[REQUIRED ACTION] For every line in the entries that contains "offsets", show the whole line.

[Extracted records]
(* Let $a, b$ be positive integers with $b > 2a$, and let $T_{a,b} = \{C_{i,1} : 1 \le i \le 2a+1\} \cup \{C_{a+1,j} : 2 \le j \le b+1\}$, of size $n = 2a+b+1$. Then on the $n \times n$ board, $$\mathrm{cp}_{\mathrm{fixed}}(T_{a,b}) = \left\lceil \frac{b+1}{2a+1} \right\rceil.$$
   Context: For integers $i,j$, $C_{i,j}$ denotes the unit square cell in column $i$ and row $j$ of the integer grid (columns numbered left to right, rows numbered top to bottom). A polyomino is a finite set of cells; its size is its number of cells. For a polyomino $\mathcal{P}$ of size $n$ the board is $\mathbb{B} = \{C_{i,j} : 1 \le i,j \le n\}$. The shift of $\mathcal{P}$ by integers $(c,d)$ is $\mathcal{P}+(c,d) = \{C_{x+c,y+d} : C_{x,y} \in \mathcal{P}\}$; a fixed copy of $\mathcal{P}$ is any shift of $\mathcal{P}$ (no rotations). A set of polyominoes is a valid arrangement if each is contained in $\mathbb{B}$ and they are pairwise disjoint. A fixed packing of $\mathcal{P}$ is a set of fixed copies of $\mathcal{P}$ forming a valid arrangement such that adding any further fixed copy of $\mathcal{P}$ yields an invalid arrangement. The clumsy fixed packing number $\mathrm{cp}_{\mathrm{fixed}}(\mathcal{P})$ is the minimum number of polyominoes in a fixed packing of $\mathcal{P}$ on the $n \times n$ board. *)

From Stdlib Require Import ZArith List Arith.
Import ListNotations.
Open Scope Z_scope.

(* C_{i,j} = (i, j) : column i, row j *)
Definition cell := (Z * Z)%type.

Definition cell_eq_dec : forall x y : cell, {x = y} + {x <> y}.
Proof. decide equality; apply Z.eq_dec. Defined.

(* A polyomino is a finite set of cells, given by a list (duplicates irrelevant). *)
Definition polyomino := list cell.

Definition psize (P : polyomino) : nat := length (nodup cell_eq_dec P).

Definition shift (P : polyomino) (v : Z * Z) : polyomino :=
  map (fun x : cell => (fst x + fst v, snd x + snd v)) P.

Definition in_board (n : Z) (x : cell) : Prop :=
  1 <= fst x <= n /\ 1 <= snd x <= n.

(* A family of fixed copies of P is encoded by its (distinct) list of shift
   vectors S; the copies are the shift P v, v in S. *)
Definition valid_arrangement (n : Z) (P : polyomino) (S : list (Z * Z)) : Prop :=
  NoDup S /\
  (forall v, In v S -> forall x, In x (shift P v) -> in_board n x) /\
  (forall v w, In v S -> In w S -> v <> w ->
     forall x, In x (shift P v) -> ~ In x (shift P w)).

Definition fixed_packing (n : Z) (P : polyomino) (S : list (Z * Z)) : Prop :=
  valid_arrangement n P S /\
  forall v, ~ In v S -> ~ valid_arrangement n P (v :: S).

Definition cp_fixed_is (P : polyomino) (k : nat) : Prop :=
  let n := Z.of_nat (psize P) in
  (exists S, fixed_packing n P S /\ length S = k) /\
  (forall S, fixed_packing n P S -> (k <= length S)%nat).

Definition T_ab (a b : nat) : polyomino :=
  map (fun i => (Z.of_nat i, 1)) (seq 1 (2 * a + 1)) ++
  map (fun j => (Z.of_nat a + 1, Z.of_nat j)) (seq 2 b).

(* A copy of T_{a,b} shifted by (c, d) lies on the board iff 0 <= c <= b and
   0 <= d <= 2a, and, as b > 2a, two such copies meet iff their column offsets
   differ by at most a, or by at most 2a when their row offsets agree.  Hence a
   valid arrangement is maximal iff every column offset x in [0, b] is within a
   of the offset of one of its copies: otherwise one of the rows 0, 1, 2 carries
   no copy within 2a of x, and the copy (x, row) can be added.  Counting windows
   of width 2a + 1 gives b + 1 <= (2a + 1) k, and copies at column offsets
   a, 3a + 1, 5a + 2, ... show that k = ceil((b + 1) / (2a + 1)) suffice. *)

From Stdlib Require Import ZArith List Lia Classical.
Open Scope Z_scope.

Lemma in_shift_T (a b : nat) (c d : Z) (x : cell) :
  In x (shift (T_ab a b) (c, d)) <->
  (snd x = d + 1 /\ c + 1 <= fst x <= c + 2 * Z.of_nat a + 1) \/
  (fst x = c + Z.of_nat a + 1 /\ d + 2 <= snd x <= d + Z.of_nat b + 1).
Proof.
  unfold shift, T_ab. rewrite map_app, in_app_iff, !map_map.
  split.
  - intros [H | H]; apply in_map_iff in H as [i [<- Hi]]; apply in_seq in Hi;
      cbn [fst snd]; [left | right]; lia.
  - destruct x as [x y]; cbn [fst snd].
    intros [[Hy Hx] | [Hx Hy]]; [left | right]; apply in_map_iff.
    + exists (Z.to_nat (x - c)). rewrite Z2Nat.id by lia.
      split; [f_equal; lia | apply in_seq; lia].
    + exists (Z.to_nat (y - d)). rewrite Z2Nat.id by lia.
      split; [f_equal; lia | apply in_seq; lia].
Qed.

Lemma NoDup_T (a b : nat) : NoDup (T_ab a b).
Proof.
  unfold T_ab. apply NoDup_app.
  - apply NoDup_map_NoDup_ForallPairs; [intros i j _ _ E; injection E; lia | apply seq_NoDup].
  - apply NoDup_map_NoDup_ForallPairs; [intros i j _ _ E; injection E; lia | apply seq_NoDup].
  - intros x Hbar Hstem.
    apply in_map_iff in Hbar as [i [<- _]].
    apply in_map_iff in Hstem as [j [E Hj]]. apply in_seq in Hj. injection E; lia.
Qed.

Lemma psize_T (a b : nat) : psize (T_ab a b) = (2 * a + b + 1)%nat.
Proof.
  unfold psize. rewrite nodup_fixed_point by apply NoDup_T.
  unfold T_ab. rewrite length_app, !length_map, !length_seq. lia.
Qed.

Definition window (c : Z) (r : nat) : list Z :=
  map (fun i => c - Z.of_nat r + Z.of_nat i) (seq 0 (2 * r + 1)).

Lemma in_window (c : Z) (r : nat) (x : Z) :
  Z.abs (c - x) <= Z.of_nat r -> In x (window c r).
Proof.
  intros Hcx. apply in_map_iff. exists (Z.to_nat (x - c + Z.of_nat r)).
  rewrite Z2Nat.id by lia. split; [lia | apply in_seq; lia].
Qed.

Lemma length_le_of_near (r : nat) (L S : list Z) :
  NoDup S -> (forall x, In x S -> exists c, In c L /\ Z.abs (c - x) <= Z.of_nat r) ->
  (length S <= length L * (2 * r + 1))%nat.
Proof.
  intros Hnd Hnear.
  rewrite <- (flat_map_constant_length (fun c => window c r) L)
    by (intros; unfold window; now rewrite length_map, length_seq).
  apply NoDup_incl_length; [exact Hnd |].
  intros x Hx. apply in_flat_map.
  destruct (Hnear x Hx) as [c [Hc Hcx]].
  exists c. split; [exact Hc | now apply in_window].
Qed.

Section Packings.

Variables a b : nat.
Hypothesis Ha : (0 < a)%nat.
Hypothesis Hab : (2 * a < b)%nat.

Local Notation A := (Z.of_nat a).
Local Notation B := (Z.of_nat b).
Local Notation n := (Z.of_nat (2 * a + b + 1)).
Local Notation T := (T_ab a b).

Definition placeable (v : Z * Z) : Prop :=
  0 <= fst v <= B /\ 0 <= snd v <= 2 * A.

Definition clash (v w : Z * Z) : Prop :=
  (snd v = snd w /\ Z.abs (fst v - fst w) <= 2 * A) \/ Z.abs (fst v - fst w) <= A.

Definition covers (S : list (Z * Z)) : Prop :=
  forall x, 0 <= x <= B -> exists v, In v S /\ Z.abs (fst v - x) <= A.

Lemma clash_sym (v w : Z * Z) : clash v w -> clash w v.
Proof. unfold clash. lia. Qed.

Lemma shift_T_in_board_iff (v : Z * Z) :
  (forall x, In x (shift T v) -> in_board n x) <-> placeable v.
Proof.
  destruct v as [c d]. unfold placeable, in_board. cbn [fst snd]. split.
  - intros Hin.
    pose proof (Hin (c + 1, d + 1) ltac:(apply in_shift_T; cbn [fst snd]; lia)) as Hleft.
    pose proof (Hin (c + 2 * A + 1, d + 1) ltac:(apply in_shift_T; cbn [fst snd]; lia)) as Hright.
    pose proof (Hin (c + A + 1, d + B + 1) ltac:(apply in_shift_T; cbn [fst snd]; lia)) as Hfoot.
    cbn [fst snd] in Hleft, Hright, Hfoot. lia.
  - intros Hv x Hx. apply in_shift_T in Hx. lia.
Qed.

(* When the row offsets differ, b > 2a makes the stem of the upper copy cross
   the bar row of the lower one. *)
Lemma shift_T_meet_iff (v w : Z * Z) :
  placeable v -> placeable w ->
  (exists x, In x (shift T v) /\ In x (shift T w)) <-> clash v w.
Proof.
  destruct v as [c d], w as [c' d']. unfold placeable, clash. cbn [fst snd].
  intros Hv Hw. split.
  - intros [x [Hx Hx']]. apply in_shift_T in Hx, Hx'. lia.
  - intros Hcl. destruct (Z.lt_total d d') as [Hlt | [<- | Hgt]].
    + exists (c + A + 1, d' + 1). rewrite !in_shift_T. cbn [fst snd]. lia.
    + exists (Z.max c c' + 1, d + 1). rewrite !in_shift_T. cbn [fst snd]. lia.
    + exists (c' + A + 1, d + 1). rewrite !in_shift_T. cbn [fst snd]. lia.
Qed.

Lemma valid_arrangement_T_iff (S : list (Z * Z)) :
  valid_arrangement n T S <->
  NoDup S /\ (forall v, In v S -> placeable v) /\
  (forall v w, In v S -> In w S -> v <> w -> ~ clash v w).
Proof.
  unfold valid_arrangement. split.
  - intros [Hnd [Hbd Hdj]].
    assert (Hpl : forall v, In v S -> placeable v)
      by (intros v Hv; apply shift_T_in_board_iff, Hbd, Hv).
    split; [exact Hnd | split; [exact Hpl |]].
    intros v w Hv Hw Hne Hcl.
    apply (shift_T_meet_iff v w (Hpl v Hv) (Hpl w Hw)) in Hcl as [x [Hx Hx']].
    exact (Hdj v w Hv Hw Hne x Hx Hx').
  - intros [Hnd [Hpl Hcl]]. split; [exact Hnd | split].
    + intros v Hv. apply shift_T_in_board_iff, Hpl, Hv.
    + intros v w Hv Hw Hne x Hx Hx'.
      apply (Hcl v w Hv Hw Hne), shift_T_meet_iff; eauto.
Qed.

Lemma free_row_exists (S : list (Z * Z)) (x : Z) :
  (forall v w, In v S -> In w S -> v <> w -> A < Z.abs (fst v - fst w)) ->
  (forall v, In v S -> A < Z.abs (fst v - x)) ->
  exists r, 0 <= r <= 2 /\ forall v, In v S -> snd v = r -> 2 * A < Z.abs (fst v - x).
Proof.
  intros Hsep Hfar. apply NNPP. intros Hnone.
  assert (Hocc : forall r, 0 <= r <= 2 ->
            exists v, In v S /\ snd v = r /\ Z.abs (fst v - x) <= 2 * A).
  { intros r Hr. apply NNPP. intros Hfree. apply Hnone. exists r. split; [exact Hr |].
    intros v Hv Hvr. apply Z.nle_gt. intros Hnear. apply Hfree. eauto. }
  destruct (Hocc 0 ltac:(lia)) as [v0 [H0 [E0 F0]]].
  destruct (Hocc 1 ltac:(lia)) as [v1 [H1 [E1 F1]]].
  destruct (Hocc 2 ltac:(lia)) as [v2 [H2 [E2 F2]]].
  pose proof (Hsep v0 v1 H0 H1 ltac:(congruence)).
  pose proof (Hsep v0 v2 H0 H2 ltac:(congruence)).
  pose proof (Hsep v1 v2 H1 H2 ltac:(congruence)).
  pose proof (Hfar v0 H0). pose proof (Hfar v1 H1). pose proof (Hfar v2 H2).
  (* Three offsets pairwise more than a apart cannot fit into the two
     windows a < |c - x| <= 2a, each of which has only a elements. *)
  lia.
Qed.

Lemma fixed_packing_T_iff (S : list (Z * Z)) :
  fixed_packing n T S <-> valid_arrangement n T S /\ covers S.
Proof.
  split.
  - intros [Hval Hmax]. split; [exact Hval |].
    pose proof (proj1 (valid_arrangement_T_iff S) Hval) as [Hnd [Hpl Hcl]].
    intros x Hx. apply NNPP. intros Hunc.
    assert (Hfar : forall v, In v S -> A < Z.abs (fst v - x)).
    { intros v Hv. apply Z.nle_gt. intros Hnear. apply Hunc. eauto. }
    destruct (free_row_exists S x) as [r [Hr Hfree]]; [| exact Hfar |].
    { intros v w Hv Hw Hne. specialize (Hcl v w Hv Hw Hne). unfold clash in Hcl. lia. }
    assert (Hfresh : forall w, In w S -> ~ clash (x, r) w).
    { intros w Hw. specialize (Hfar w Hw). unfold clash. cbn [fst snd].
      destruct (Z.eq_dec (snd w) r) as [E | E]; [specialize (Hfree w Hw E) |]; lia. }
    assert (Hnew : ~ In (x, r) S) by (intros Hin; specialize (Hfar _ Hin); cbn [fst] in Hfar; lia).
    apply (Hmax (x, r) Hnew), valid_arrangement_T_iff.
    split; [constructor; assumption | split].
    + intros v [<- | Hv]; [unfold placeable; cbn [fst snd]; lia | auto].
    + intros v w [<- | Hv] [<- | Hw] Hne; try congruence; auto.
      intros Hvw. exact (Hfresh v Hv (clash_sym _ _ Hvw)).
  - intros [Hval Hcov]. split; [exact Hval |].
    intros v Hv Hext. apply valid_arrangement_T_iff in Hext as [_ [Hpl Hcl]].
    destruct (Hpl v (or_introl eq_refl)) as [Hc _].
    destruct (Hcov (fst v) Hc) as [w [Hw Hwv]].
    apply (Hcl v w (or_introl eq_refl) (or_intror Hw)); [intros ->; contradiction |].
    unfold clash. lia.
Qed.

---

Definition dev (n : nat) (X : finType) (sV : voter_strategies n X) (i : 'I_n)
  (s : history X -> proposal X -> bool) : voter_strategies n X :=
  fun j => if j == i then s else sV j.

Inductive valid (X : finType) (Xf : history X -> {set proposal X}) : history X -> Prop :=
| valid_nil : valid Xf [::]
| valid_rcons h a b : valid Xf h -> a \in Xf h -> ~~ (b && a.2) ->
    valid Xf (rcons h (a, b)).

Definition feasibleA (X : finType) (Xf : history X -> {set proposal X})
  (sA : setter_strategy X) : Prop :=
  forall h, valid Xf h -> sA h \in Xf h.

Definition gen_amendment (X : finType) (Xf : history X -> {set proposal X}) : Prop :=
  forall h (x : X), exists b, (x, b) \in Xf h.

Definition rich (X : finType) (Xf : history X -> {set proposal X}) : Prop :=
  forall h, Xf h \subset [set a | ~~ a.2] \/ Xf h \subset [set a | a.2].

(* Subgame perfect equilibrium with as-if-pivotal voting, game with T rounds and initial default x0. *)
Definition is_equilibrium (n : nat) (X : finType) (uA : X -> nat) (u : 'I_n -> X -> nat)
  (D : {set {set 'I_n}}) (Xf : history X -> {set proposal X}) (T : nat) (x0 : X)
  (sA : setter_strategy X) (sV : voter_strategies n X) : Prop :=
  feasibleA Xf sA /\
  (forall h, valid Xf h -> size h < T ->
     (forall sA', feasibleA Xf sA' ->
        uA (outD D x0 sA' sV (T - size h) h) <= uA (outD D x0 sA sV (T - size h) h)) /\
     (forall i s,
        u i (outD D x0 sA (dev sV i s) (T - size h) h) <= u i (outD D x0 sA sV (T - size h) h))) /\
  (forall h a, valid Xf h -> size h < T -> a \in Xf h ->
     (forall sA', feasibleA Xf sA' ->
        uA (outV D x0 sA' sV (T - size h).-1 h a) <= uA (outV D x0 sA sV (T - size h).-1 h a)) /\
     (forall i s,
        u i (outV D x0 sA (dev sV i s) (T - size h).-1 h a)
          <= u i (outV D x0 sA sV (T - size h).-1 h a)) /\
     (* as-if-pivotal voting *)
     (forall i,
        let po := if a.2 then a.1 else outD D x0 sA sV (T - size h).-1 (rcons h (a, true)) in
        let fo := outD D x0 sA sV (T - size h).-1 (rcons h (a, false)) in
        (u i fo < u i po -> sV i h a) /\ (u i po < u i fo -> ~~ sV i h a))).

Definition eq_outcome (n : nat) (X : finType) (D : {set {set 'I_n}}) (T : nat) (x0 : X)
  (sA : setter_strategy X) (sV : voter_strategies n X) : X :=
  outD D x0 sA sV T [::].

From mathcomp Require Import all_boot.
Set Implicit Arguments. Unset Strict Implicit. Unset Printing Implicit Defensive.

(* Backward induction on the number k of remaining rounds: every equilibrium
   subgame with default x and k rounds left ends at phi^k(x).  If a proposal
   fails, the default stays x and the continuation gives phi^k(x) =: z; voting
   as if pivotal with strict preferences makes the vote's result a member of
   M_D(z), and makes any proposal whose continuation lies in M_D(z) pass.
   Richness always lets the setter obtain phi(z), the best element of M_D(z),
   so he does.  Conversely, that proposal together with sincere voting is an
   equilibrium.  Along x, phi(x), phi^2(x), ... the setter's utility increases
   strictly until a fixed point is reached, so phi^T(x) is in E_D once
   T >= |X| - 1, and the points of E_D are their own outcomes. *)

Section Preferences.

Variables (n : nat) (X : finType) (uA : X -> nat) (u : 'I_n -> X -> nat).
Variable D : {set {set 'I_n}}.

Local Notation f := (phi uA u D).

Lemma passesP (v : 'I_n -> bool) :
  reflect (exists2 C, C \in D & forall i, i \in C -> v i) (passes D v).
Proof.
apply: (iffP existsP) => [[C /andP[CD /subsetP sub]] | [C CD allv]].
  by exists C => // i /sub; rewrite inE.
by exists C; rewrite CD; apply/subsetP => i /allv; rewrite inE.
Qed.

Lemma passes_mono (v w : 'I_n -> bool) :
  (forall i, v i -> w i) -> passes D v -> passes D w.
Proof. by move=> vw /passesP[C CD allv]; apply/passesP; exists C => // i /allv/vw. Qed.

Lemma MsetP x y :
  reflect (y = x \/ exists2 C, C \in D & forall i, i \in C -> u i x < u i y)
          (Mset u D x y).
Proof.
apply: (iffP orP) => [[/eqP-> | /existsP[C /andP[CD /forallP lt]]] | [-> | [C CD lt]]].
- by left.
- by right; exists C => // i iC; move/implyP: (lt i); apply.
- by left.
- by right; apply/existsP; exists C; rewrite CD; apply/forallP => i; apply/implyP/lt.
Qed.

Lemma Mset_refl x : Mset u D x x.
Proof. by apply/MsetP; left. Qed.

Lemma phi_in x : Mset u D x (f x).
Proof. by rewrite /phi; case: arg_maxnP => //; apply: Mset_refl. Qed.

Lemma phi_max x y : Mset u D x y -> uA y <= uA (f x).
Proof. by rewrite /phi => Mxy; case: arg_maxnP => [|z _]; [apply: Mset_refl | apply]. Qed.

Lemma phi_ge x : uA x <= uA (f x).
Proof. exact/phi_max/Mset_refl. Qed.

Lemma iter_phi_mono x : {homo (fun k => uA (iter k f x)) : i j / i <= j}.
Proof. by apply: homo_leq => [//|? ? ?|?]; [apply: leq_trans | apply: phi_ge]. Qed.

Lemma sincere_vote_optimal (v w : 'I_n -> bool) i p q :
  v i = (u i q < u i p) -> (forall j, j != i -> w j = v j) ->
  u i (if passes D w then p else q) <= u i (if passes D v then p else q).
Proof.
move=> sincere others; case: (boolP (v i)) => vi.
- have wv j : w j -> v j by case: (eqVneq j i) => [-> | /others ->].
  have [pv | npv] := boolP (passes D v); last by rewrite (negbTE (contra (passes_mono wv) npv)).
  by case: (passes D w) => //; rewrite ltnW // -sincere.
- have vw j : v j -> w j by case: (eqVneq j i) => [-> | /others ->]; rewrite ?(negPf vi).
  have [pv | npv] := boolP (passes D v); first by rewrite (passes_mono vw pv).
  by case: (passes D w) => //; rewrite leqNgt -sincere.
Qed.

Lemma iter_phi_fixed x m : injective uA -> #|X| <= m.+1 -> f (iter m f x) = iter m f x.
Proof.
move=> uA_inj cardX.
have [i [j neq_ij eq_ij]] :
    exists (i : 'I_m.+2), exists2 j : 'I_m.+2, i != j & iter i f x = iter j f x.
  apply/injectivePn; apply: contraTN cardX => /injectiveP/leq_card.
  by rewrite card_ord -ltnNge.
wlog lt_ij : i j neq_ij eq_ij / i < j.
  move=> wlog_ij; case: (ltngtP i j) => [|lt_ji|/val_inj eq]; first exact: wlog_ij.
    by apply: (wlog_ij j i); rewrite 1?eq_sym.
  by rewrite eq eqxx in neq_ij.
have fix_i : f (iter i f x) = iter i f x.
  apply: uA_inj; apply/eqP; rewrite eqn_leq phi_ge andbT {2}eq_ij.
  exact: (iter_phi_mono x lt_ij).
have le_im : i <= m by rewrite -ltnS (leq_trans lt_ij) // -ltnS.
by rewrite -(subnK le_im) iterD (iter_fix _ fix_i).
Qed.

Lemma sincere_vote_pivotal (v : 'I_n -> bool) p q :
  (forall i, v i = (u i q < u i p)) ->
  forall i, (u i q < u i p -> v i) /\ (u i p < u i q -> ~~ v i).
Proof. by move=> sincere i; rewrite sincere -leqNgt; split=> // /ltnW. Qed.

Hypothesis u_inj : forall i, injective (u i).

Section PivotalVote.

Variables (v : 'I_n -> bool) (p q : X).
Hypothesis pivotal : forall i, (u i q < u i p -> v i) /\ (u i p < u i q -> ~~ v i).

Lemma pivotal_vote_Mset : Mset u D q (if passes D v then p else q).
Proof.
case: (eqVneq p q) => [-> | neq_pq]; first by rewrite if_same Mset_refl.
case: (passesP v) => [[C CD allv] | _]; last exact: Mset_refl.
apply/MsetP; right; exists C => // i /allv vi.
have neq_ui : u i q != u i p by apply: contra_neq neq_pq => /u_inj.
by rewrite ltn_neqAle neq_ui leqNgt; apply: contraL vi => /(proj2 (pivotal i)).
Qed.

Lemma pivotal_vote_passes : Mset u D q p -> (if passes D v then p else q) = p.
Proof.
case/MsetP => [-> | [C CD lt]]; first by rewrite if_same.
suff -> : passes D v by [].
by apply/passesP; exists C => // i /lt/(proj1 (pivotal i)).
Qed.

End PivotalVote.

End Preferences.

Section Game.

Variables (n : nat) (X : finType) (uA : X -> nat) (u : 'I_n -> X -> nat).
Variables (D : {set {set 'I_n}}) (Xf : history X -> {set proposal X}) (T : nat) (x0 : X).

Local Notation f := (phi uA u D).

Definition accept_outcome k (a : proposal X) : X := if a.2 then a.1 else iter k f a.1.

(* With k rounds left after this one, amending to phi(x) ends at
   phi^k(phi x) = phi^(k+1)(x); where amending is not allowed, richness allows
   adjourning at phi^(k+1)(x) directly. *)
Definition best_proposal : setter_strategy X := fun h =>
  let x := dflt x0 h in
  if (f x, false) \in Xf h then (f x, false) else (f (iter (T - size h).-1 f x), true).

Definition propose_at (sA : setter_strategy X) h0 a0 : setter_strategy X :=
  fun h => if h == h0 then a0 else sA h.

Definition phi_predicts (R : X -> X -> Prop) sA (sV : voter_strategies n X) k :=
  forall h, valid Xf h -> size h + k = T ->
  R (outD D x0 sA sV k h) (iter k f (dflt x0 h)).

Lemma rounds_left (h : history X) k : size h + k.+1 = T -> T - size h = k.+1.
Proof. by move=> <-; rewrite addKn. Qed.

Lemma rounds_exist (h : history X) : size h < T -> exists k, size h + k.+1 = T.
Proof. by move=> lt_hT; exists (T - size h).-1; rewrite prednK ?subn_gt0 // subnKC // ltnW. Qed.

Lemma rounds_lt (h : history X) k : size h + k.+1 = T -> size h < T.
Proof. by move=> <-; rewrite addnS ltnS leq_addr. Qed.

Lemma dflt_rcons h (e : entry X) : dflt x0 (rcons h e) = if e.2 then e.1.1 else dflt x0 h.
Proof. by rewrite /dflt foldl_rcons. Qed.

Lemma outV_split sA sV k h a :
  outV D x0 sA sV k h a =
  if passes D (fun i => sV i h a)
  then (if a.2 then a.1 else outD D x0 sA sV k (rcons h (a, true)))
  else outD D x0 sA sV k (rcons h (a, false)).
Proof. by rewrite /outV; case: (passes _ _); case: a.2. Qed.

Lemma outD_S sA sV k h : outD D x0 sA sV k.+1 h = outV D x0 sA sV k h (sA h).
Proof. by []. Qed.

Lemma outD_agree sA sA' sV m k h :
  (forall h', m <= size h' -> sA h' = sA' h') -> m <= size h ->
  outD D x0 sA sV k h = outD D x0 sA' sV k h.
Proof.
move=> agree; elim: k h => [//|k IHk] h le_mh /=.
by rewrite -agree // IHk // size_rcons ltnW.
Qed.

[WRITTEN REPLY]
   0 <= d <= 2a, and, as b > 2a, two such copies meet iff their column offsets
   differ by at most a, or by at most 2a when their row offsets agree.  Hence a
   of width 2a + 1 gives b + 1 <= (2a + 1) k, and copies at column offsets
(* When the row offsets differ, b > 2a makes the stem of the upper copy cross
  (* Three offsets pairwise more than a apart cannot fit into the two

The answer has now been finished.